# Provided information:
(* If $f:R\to S$ is a morphism of real semigroups, then $f$ is also a morphism between the associated real reduced multirings (with $a+b=D^t(a,b)$ and $-g=(-1)g$); hence the assignment sending a real semigroup to its associated real reduced multiring and each morphism to itself is a functor $M:\mathcal{RS}\to\mathcal{MR}_{red}$.
   Context: A ternary semigroup is $(S,\cdot,1,0,-1)$ with: $(S,\cdot,1)$ a commutative semigroup with unity; $x^3=x$; $-1\ne1$, $(-1)(-1)=1$; $x0=0$; $x=(-1)x\Rightarrow x=0$. A real semigroup is a ternary semigroup with a ternary relation $D$, where $a\in D^t(b,c)$ means $a\in D(b,c)$, $-b\in D(-a,c)$, $-c\in D(b,-a)$, satisfying: (RS0) $c\in D(a,b)\iff c\in D(b,a)$; (RS1) $a\in D(a,b)$; (RS2) $a\in D(b,c)\Rightarrow ad\in D(bd,cd)$; (RS3) $a\in D^t(b,c)$, $c\in D^t(d,e)\Rightarrow\exists x\in D^t(b,d)$ with $a\in D^t(x,e)$; (RS4) $e\in D(c^2a,d^2b)\Rightarrow e\in D(a,b)$; (RS5) $ad=bd$, $ae=be$, $c\in D(d,e)\Rightarrow ac=bc$; (RS6) $c\in D(a,b)\Rightarrow c\in D^t(c^2a,c^2b)$; (RS7) $D^t(a,-b)\cap D^t(b,-a)\ne\emptyset\Rightarrow a=b$; (RS8) $a\in D(b,c)\Rightarrow a^2\in D(b^2,c^2)$. A morphism of real semigroups $f$ satisfies $f(ab)=f(a)f(b)$, $f(1)=1$, $f(0)=0$, $f(-1)=-1$ and $a\in D(b,c)\Rightarrow f(a)\in D(f(b),f(c))$; $\mathcal{RS}$ is the resulting category. A multiring is a tuple $(R,+,\cdot,-,0,1)$ with $+:R\times R\to\mathcal P(R)\setminus\{\emptyset\}$ satisfying: $z\in x+y\Rightarrow x\in z+(-y)$ and $y\in(-x)+z$; $y\in0+x\iff y=x$; $+$ associative and commutative; $(R,\cdot,1)$ a commutative monoid; $a0=0$; $c\in a+b\Rightarrow cd\in ad+bd$. Real reduced: $1\ne0$, $a^3=a$, $c\in a+ab^2\Rightarrow c=a$, $c,d\in a^2+b^2\Rightarrow c=d$. Multiring morphisms satisfy $c\in a+b\Rightarrow f(c)\in f(a)+f(b)$, $f(-a)=-f(a)$, $f(0)=0$, $f(ab)=f(a)f(b)$, $f(1)=1$; $\mathcal{MR}_{red}$ is the category of real reduced multirings. *)

Record RealSemigroup := {
  rs_car :> Type;
  rs_mul : rs_car -> rs_car -> rs_car;
  rs_one : rs_car;
  rs_zero : rs_car;
  rs_neg1 : rs_car;
  (* rs_D a b c  means  a ∈ D(b,c) *)
  rs_D : rs_car -> rs_car -> rs_car -> Prop;
  rs_mulA : forall x y z, rs_mul x (rs_mul y z) = rs_mul (rs_mul x y) z;
  rs_mulC : forall x y, rs_mul x y = rs_mul y x;
  rs_mul1x : forall x, rs_mul rs_one x = x;
  rs_cube : forall x, rs_mul x (rs_mul x x) = x;
  rs_neg1_neq1 : rs_neg1 <> rs_one;
  rs_neg1_sq : rs_mul rs_neg1 rs_neg1 = rs_one;
  rs_mulx0 : forall x, rs_mul x rs_zero = rs_zero;
  rs_negfix : forall x, x = rs_mul rs_neg1 x -> x = rs_zero;
  (* real semigroup axioms, with D^t inlined:
     a ∈ D^t(b,c) iff a ∈ D(b,c), -b ∈ D(-a,c), -c ∈ D(b,-a) *)
  rs_RS0 : forall a b c, rs_D c a b <-> rs_D c b a;
  rs_RS1 : forall a b, rs_D a a b;
  rs_RS2 : forall a b c d, rs_D a b c ->
      rs_D (rs_mul a d) (rs_mul b d) (rs_mul c d);
  rs_RS3 : forall a b c d e,
      (rs_D a b c /\ rs_D (rs_mul rs_neg1 b) (rs_mul rs_neg1 a) c
                  /\ rs_D (rs_mul rs_neg1 c) b (rs_mul rs_neg1 a)) ->
      (rs_D c d e /\ rs_D (rs_mul rs_neg1 d) (rs_mul rs_neg1 c) e
                  /\ rs_D (rs_mul rs_neg1 e) d (rs_mul rs_neg1 c)) ->
      exists x,
        (rs_D x b d /\ rs_D (rs_mul rs_neg1 b) (rs_mul rs_neg1 x) d
                    /\ rs_D (rs_mul rs_neg1 d) b (rs_mul rs_neg1 x)) /\
        (rs_D a x e /\ rs_D (rs_mul rs_neg1 x) (rs_mul rs_neg1 a) e
                    /\ rs_D (rs_mul rs_neg1 e) x (rs_mul rs_neg1 a));
  rs_RS4 : forall a b c d e,
      rs_D e (rs_mul (rs_mul c c) a) (rs_mul (rs_mul d d) b) -> rs_D e a b;
  rs_RS5 : forall a b c d e,
      rs_mul a d = rs_mul b d -> rs_mul a e = rs_mul b e -> rs_D c d e ->
      rs_mul a c = rs_mul b c;
  rs_RS6 : forall a b c, rs_D c a b ->
      let a' := rs_mul (rs_mul c c) a in
      let b' := rs_mul (rs_mul c c) b in
      rs_D c a' b' /\ rs_D (rs_mul rs_neg1 a') (rs_mul rs_neg1 c) b'
                   /\ rs_D (rs_mul rs_neg1 b') a' (rs_mul rs_neg1 c);
  rs_RS7 : forall a b,
      (exists x,
        (rs_D x a (rs_mul rs_neg1 b) /\ rs_D (rs_mul rs_neg1 a) (rs_mul rs_neg1 x) (rs_mul rs_neg1 b)
           /\ rs_D (rs_mul rs_neg1 (rs_mul rs_neg1 b)) a (rs_mul rs_neg1 x)) /\
        (rs_D x b (rs_mul rs_neg1 a) /\ rs_D (rs_mul rs_neg1 b) (rs_mul rs_neg1 x) (rs_mul rs_neg1 a)
           /\ rs_D (rs_mul rs_neg1 (rs_mul rs_neg1 a)) b (rs_mul rs_neg1 x))) ->
      a = b;
  rs_RS8 : forall a b c, rs_D a b c ->
      rs_D (rs_mul a a) (rs_mul b b) (rs_mul c c)
}.

Arguments rs_mul {_}. Arguments rs_one {_}. Arguments rs_zero {_}.
Arguments rs_neg1 {_}. Arguments rs_D {_}.

Definition rs_neg {R : RealSemigroup} (x : R) : R := rs_mul rs_neg1 x.

Definition rs_Dt {R : RealSemigroup} (a b c : R) : Prop :=
  rs_D a b c /\ rs_D (rs_neg b) (rs_neg a) c /\ rs_D (rs_neg c) b (rs_neg a).

Definition RS_morphism (R S : RealSemigroup) (f : R -> S) : Prop :=
  (forall a b, f (rs_mul a b) = rs_mul (f a) (f b)) /\
  f rs_one = rs_one /\ f rs_zero = rs_zero /\ f rs_neg1 = rs_neg1 /\
  (forall a b c, rs_D a b c -> rs_D (f a) (f b) (f c)).

(** [add a b c] means c ∈ a + b. *)
Definition is_multiring {T : Type} (add : T -> T -> T -> Prop)
    (mul : T -> T -> T) (neg : T -> T) (zero one : T) : Prop :=
  (forall x y, exists z, add x y z) /\
  (forall x y z, add x y z -> add z (neg y) x /\ add (neg x) z y) /\
  (forall x y, add zero x y <-> y = x) /\
  (forall x y z w,
      (exists t, add x y t /\ add t z w) <-> (exists t, add y z t /\ add x t w)) /\
  (forall x y z, add x y z <-> add y x z) /\
  (forall x y z, mul x (mul y z) = mul (mul x y) z) /\
  (forall x y, mul x y = mul y x) /\
  (forall x, mul one x = x) /\
  (forall a, mul a zero = zero) /\
  (forall a b c d, add a b c -> add (mul a d) (mul b d) (mul c d)).

Definition is_real_reduced_multiring {T : Type} (add : T -> T -> T -> Prop)
    (mul : T -> T -> T) (neg : T -> T) (zero one : T) : Prop :=
  is_multiring add mul neg zero one /\
  one <> zero /\
  (forall a, mul a (mul a a) = a) /\
  (forall a b c, add a (mul a (mul b b)) c -> c = a) /\
  (forall a b c d, add (mul a a) (mul b b) c -> add (mul a a) (mul b b) d -> c = d).

Definition MR_morphism {T U : Type}
    (addT : T -> T -> T -> Prop) (mulT : T -> T -> T) (negT : T -> T) (zeroT oneT : T)
    (addU : U -> U -> U -> Prop) (mulU : U -> U -> U) (negU : U -> U) (zeroU oneU : U)
    (f : T -> U) : Prop :=
  (forall a b c, addT a b c -> addU (f a) (f b) (f c)) /\
  (forall a, f (negT a) = negU (f a)) /\
  f zeroT = zeroU /\
  (forall a b, f (mulT a b) = mulU (f a) (f b)) /\
  f oneT = oneU.

Definition M_add (R : RealSemigroup) (a b c : R) : Prop := rs_Dt c a b.

Definition M_is_real_reduced (R : RealSemigroup) : Prop :=
  is_real_reduced_multiring (M_add R) (@rs_mul R) (@rs_neg R) rs_zero rs_one.

Definition M_morphism (R S : RealSemigroup) (f : R -> S) : Prop :=
  MR_morphism (M_add R) (@rs_mul R) (@rs_neg R) rs_zero rs_one
              (M_add S) (@rs_mul S) (@rs_neg S) rs_zero rs_one f.

(* The multiring axioms of M(R) are the real semigroup axioms read through
   a + b := D^t(a, b): reversibility is the symmetry built into D^t,
   associativity is RS3, and distributivity is RS2.  The two nontrivial reducedness
   axioms come from one uniqueness principle: if x ∈ D(s, s) and
   -s ∈ D(-x, s), then x = s, obtained from RS5, RS6 and RS7.  Morphisms of
   real semigroups preserve (-1), hence negation, hence D^t. *)

From Stdlib Require Import Setoid.

Section RealSemigroupTheory.
Variable R : RealSemigroup.

Local Notation mul := (@rs_mul R).
Local Notation neg := (@rs_neg R).
Local Notation D := (@rs_D R).
Local Notation Dt := (@rs_Dt R).

Lemma rs_mul0x (x : R) : mul rs_zero x = rs_zero.
Proof. rewrite rs_mulC; apply rs_mulx0. Qed.

Lemma rs_negK (x : R) : neg (neg x) = x.
Proof. unfold rs_neg; rewrite rs_mulA, rs_neg1_sq; apply rs_mul1x. Qed.

Lemma rs_neg0 : neg rs_zero = rs_zero.
Proof. apply rs_mulx0. Qed.

Lemma rs_mulNl (a d : R) : mul (neg a) d = neg (mul a d).
Proof. unfold rs_neg; rewrite rs_mulA; reflexivity. Qed.

Lemma rs_mul_sqK (a : R) : mul (mul a a) a = a.
Proof. rewrite <- rs_mulA; apply rs_cube. Qed.

Lemma rs_sq_idem (a : R) : mul (mul a a) (mul a a) = mul a a.
Proof. rewrite rs_mulA, rs_mul_sqK; reflexivity. Qed.

Lemma rs_D_swap (a b c : R) : D a b c -> D a c b.
Proof. apply rs_RS0. Qed.

Lemma rs_D_neg (a b c : R) : D a b c -> D (neg a) (neg b) (neg c).
Proof.
  intro H; unfold rs_neg.
  rewrite !(rs_mulC R rs_neg1); apply rs_RS2, H.
Qed.

Lemma rs_D_negK (a b c : R) : D (neg a) (neg b) (neg c) -> D a b c.
Proof.
  intro H; rewrite <- (rs_negK a), <- (rs_negK b), <- (rs_negK c).
  now apply rs_D_neg.
Qed.

Lemma rs_D0 (a b : R) : D rs_zero a b.
Proof.
  apply (rs_RS4 R a b rs_zero rs_zero rs_zero).
  rewrite rs_mulx0, !rs_mul0x; apply rs_RS1.
Qed.

Lemma rs_D_mul_sqr (e a b d : R) : D e a (mul b (mul d d)) -> D e a b.
Proof.
  intro H; apply (rs_RS4 R a b rs_one d e).
  now rewrite !rs_mul1x, (rs_mulC R (mul d d)).
Qed.

Lemma Dt_RS3 (a b c d e : R) : Dt a b c -> Dt c d e -> exists x, Dt x b d /\ Dt a x e.
Proof. apply rs_RS3. Qed.

Lemma Dt_RS6 (a b c : R) : D c a b -> Dt c (mul (mul c c) a) (mul (mul c c) b).
Proof. apply rs_RS6. Qed.

Lemma Dt_RS7 (a b : R) : (exists x, Dt x a (neg b) /\ Dt x b (neg a)) -> a = b.
Proof. apply rs_RS7. Qed.

Lemma Dt_comm (a b c : R) : Dt a b c -> Dt a c b.
Proof. intros (H1 & H2 & H3); split; [|split]; now apply rs_D_swap. Qed.

Lemma Dt_transpose (a b c : R) : Dt a b c -> Dt b a (neg c).
Proof.
  intros (H1 & H2 & H3); split; [|split].
  - now apply rs_D_negK; rewrite rs_negK.
  - now apply rs_D_neg.
  - apply rs_D_swap, rs_D_negK; now rewrite !rs_negK.
Qed.

Lemma Dt_mulr (a b c d : R) : Dt c a b -> Dt (mul c d) (mul a d) (mul b d).
Proof.
  intros (H1 & H2 & H3); split; [|split]; rewrite <- ?rs_mulNl; now apply rs_RS2.
Qed.

Lemma rs_D_diag_eq (x s : R) : D x s s -> D (neg s) (neg x) s -> x = s.
Proof.
  intros H1 H2.
  (* RS5 with the pair (1, s^2), which agree after multiplication by s. *)
  assert (Hx : x = mul (mul s s) x).
  { rewrite <- (rs_mul1x R x) at 1.
    apply (rs_RS5 R _ _ _ s s); rewrite ?rs_mul1x, ?rs_mul_sqK; easy. }
  assert (Hsx : D x s (neg s)).
  { destruct (Dt_RS6 s (neg x) s (rs_RS1 R s (neg x))) as (_ & _ & H).
    rewrite rs_mul_sqK, (rs_mulC R (mul s s)), rs_mulNl, (rs_mulC R x), <- Hx, rs_negK in H.
    exact H. }
  apply Dt_RS7; exists s; split; split; [| split | | split].
  - now apply rs_D_negK; rewrite rs_negK.
  - now apply rs_D_neg.
  - now rewrite rs_negK; apply rs_D_negK; rewrite rs_negK.
  - apply rs_RS1.
  - apply rs_RS1.
  - now rewrite rs_negK.
Qed.

Lemma Dt_mul_sq_eq (a b c : R) : Dt c a (mul a (mul b b)) -> c = a.
Proof.
  intros (H1 & H2 & _); apply rs_D_diag_eq; now apply (rs_D_mul_sqr _ _ _ b).
Qed.

Lemma Dt_sq_mull (a b d : R) : Dt d (mul a a) (mul b b) -> mul d (mul a a) = mul a a.
Proof.
  intro H; destruct (Dt_mulr _ _ _ (mul a a) H) as (H1 & H2 & _).
  rewrite rs_sq_idem, (rs_mulC R (mul b b)) in H1, H2.
  apply rs_D_diag_eq; now apply (rs_D_mul_sqr _ _ _ b).
Qed.

Lemma Dt_sq_unique (a b c d : R) :
  Dt c (mul a a) (mul b b) -> Dt d (mul a a) (mul b b) -> c = d.
Proof.
  (* RS5 with the pair (1, v), which agree after multiplication by a^2 and b^2. *)
  assert (Habs : forall u v, Dt u (mul a a) (mul b b) -> Dt v (mul a a) (mul b b) ->
                   u = mul v u).
  { intros u v Hu Hv.
    rewrite <- (rs_mul1x R u) at 1.
    apply (rs_RS5 R _ _ _ (mul a a) (mul b b)); rewrite ?rs_mul1x.
    - now rewrite (Dt_sq_mull _ _ _ Hv).
    - now rewrite (Dt_sq_mull _ _ _ (Dt_comm _ _ _ Hv)).
    - exact (proj1 Hu). }
  intros Hc Hd.
  rewrite (Habs c d Hc Hd), rs_mulC; symmetry; exact (Habs d c Hd Hc).
Qed.

Lemma M_add_nonempty (x y : R) : exists z, M_add R x y z.
Proof.
  assert (Hx : Dt x x rs_zero).
  { split; [|split]; [apply rs_RS1 | apply rs_RS1 | rewrite rs_neg0; apply rs_D0]. }
  assert (Hy : Dt rs_zero y (neg y)).
  { split; [|split].
    - apply rs_D0.
    - rewrite rs_neg0; apply rs_D_swap, rs_RS1.
    - rewrite rs_negK, rs_neg0; apply rs_RS1. }
  destruct (Dt_RS3 _ _ _ _ _ Hx Hy) as (z & Hz & _).
  now exists z.
Qed.

Lemma M_add0l (x y : R) : M_add R rs_zero x y <-> y = x.
Proof.
  split.
  - intros (H1 & H2 & H3); apply Dt_RS7; exists rs_zero; split; split; [| split | | split].
    + apply rs_D0.
    + now apply rs_D_neg.
    + rewrite rs_negK, rs_neg0; apply rs_D_swap, rs_D_negK.
      now rewrite rs_neg0.
    + apply rs_D0.
    + now rewrite rs_neg0.
    + now rewrite rs_negK, rs_neg0; apply rs_D_swap.
  - intros ->; split; [|split].
    + apply rs_D_swap, rs_RS1.
    + rewrite rs_neg0; apply rs_D0.
    + apply rs_D_swap, rs_RS1.
Qed.

Lemma M_addA (x y z w : R) :
  (exists t, M_add R x y t /\ M_add R t z w) <-> (exists t, M_add R y z t /\ M_add R x t w).
Proof.
  split; intros (t & H1 & H2).
  - destruct (Dt_RS3 _ _ _ _ _ (Dt_comm _ _ _ H2) (Dt_comm _ _ _ H1)) as (s & Hs1 & Hs2).
    exists s; split; now apply Dt_comm.
  - destruct (Dt_RS3 _ _ _ _ _ H2 H1) as (s & Hs1 & Hs2).
    now exists s.
Qed.

Lemma M_add_reversible (x y z : R) :
  M_add R x y z -> M_add R z (neg y) x /\ M_add R (neg x) z y.
Proof.
  intro H; split; [now apply Dt_transpose | now apply Dt_comm, Dt_transpose, Dt_comm].
Qed.

Lemma M_addC (x y z : R) : M_add R x y z <-> M_add R y x z.
Proof. split; apply Dt_comm. Qed.

Lemma M_is_multiring :
  is_multiring (M_add R) (@rs_mul R) (@rs_neg R) rs_zero rs_one.
Proof.
  split; [exact M_add_nonempty|].
  split; [exact M_add_reversible|].
  split; [exact M_add0l|].
  split; [exact M_addA|].
  split; [exact M_addC|].
  split; [exact (rs_mulA R)|].
  split; [exact (rs_mulC R)|].
  split; [exact (rs_mul1x R)|].
  split; [exact (rs_mulx0 R)|].
  intros a b c d; apply Dt_mulr.
Qed.

Lemma rs_one_neq0 : rs_one <> rs_zero :> R.
Proof.
  intro H; apply (rs_neg1_neq1 R).
  now rewrite <- (rs_mul1x R rs_neg1), rs_mulC, H, rs_mulx0.
Qed.

Lemma M_real_reduced : M_is_real_reduced R.
Proof.
  split; [exact M_is_multiring|].
  split; [exact rs_one_neq0|].
  split; [apply rs_cube|].
  split; [apply Dt_mul_sq_eq | apply Dt_sq_unique].
Qed.

End RealSemigroupTheory.

Lemma RS_morphism_neg (R S : RealSemigroup) (f : R -> S) :
  RS_morphism R S f -> forall a, f (rs_neg a) = rs_neg (f a).
Proof. intros (fM & _ & _ & fN1 & _) a; unfold rs_neg; now rewrite fM, fN1. Qed.

Lemma RS_morphism_M (R S : RealSemigroup) (f : R -> S) :
  RS_morphism R S f -> M_morphism R S f.
Proof.
  intro Hf; pose proof (RS_morphism_neg _ _ _ Hf) as fN.
  destruct Hf as (fM & f1 & f0 & _ & fD).
  split; [|split; [exact fN | split; [exact f0 | split; [exact fM | exact f1]]]].
  intros a b c (H1 & H2 & H3); split; [|split]; rewrite <- ?fN; now apply fD.
Qed.

Theorem corollary6p8 :
  (* object part: each real semigroup yields a real reduced multiring *)
  (forall R : RealSemigroup, M_is_real_reduced R) /\
  (* morphism part: RS-morphisms are MR-morphisms of the associated multirings *)
  (forall (R S : RealSemigroup) (f : R -> S),
      RS_morphism R S f -> M_morphism R S f).
Proof.
  split.
  - exact M_real_reduced.
  - exact RS_morphism_M.
Qed.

# Task instructions:
Beginning with the line that has "intros Hc Hd." and ending with the line that has "Lemma M_add0l (x", set down the lines above exactly and include no others.

# Completed task:
  intros Hc Hd.
  rewrite (Habs c d Hc Hd), rs_mulC; symmetry; exact (Habs d c Hd Hc).
Qed.

Lemma M_add_nonempty (x y : R) : exists z, M_add R x y z.
Proof.
  assert (Hx : Dt x x rs_zero).
  { split; [|split]; [apply rs_RS1 | apply rs_RS1 | rewrite rs_neg0; apply rs_D0]. }
  assert (Hy : Dt rs_zero y (neg y)).
  { split; [|split].
    - apply rs_D0.
    - rewrite rs_neg0; apply rs_D_swap, rs_RS1.
    - rewrite rs_negK, rs_neg0; apply rs_RS1. }
  destruct (Dt_RS3 _ _ _ _ _ Hx Hy) as (z & Hz & _).
  now exists z.
Qed.

Lemma M_add0l (x y : R) : M_add R rs_zero x y <-> y = x.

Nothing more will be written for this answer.